Exercise
Retype exactly the lines from the one with "apply: subset_leq_card; apply/subsetP => y." down to the final line of the material below, both included, and nothing more.

Input
Lemma count_le_free_codeg k (x : Key) (l : seq Key) : uniq l -> {subset l <= X} ->
  free k (x k) -> (count (fun y : Key => y k == x k) l <= free_codeg k x)%N.
Proof.
move=> ul lX xk; rewrite -size_filter -(card_uniqP (filter_uniq _ ul)).
apply: subset_leq_card; apply/subsetP => y.
by rewrite mem_filter inE xk => /andP[-> /lX ->].
Qed.

Lemma prod_free_codeg (x : Key) :
  (\prod_(k < c) free_codeg k x =
   \sum_(f : {ffun 'I_c -> Key}) [forall k, (f k \in X) && (free k (x k) ==> (f k k == x k))])%N.
Proof.
under eq_bigr => k _ do rewrite /free_codeg card_set_sum.
rewrite bigA_distr_bigA /=; apply: eq_bigr => f _.
by rewrite -prodn_bool.
Qed.

Variable K : nat.
Hypothesis agree_le : forall a : Key,
  (#|[set x : Key | [forall k, free k (x k) ==> (x k == a k)]]| <= K)%N.

(* [min_codeg x ^ c] is at most the number of families [f] of keys of [X] with
   [f k] agreeing with [x] at every free position [k]; exchanging the sums, each
   such [f] is counted for at most [K] keys [x]. *)
Lemma sum_min_codeg_exp : (\sum_(x in X) min_codeg x ^ c <= K * #|X| ^ c)%N.
Proof.
apply: (@leq_trans (\sum_(x in X) \prod_(k < c) free_codeg k x)).
  apply: leq_sum => x _; rewrite -{1}(card_ord c) -prod_nat_const.
  by apply: leq_prod => k _; apply: min_codeg_le.
under eq_bigr => x _ do rewrite prod_free_codeg.
have tuples : (\sum_(f : {ffun 'I_c -> Key}) (f \in ffun_on X) = #|X| ^ c)%N.
  have := @card_ffun_on 'I_c _ X; rewrite card_ord => <-.
  rewrite -sum1_card [RHS]big_mkcond.
  by apply: eq_bigr => f _; case: (_ \in _).
rewrite exchange_big /= mulnC -tuples big_distrl /=; apply: leq_sum => f _.
have [/ffun_onP fX | fX] := boolP (f \in ffun_on X); last first.
  rewrite mul0n leqn0 sum_nat_eq0; apply/forall_inP => x _.
  rewrite eqb0; apply/negP => /forallP fXx.
  by case/ffun_onP: fX => k; have /andP[] := fXx k.
rewrite mul1n; apply: leq_trans (agree_le [ffun k => f k k]).
rewrite card_set_sum big_mkcond leq_sum // => x _.
case: (x \in X) => //=; case: forallP => //= agree.
rewrite lt0b; apply/forallP => k; rewrite ffunE eq_sym.
by have /andP[] := agree k.
Qed.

Response to this task
apply: subset_leq_card; apply/subsetP => y.
by rewrite mem_filter inE xk => /andP[-> /lX ->].
Qed.

Lemma prod_free_codeg (x : Key) :
  (\prod_(k < c) free_codeg k x =
   \sum_(f : {ffun 'I_c -> Key}) [forall k, (f k \in X) && (free k (x k) ==> (f k k == x k))])%N.
Proof.
under eq_bigr => k _ do rewrite /free_codeg card_set_sum.
rewrite bigA_distr_bigA /=; apply: eq_bigr => f _.
by rewrite -prodn_bool.
Qed.

Variable K : nat.
Hypothesis agree_le : forall a : Key,
  (#|[set x : Key | [forall k, free k (x k) ==> (x k == a k)]]| <= K)%N.

(* [min_codeg x ^ c] is at most the number of families [f] of keys of [X] with
   [f k] agreeing with [x] at every free position [k]; exchanging the sums, each
   such [f] is counted for at most [K] keys [x]. *)
Lemma sum_min_codeg_exp : (\sum_(x in X) min_codeg x ^ c <= K * #|X| ^ c)%N.
Proof.
apply: (@leq_trans (\sum_(x in X) \prod_(k < c) free_codeg k x)).
  apply: leq_sum => x _; rewrite -{1}(card_ord c) -prod_nat_const.
  by apply: leq_prod => k _; apply: min_codeg_le.
under eq_bigr => x _ do rewrite prod_free_codeg.
have tuples : (\sum_(f : {ffun 'I_c -> Key}) (f \in ffun_on X) = #|X| ^ c)%N.
  have := @card_ffun_on 'I_c _ X; rewrite card_ord => <-.
  rewrite -sum1_card [RHS]big_mkcond.
  by apply: eq_bigr => f _; case: (_ \in _).
rewrite exchange_big /= mulnC -tuples big_distrl /=; apply: leq_sum => f _.
have [/ffun_onP fX | fX] := boolP (f \in ffun_on X); last first.
  rewrite mul0n leqn0 sum_nat_eq0; apply/forall_inP => x _.
  rewrite eqb0; apply/negP => /forallP fXx.
  by case/ffun_onP: fX => k; have /andP[] := fXx k.
rewrite mul1n; apply: leq_trans (agree_le [ffun k => f k k]).
rewrite card_set_sum big_mkcond leq_sum // => x _.
case: (x \in X) => //=; case: forallP => //= agree.
rewrite lt0b; apply/forallP => k; rewrite ffunE eq_sym.
by have /andP[] := agree k.
Qed.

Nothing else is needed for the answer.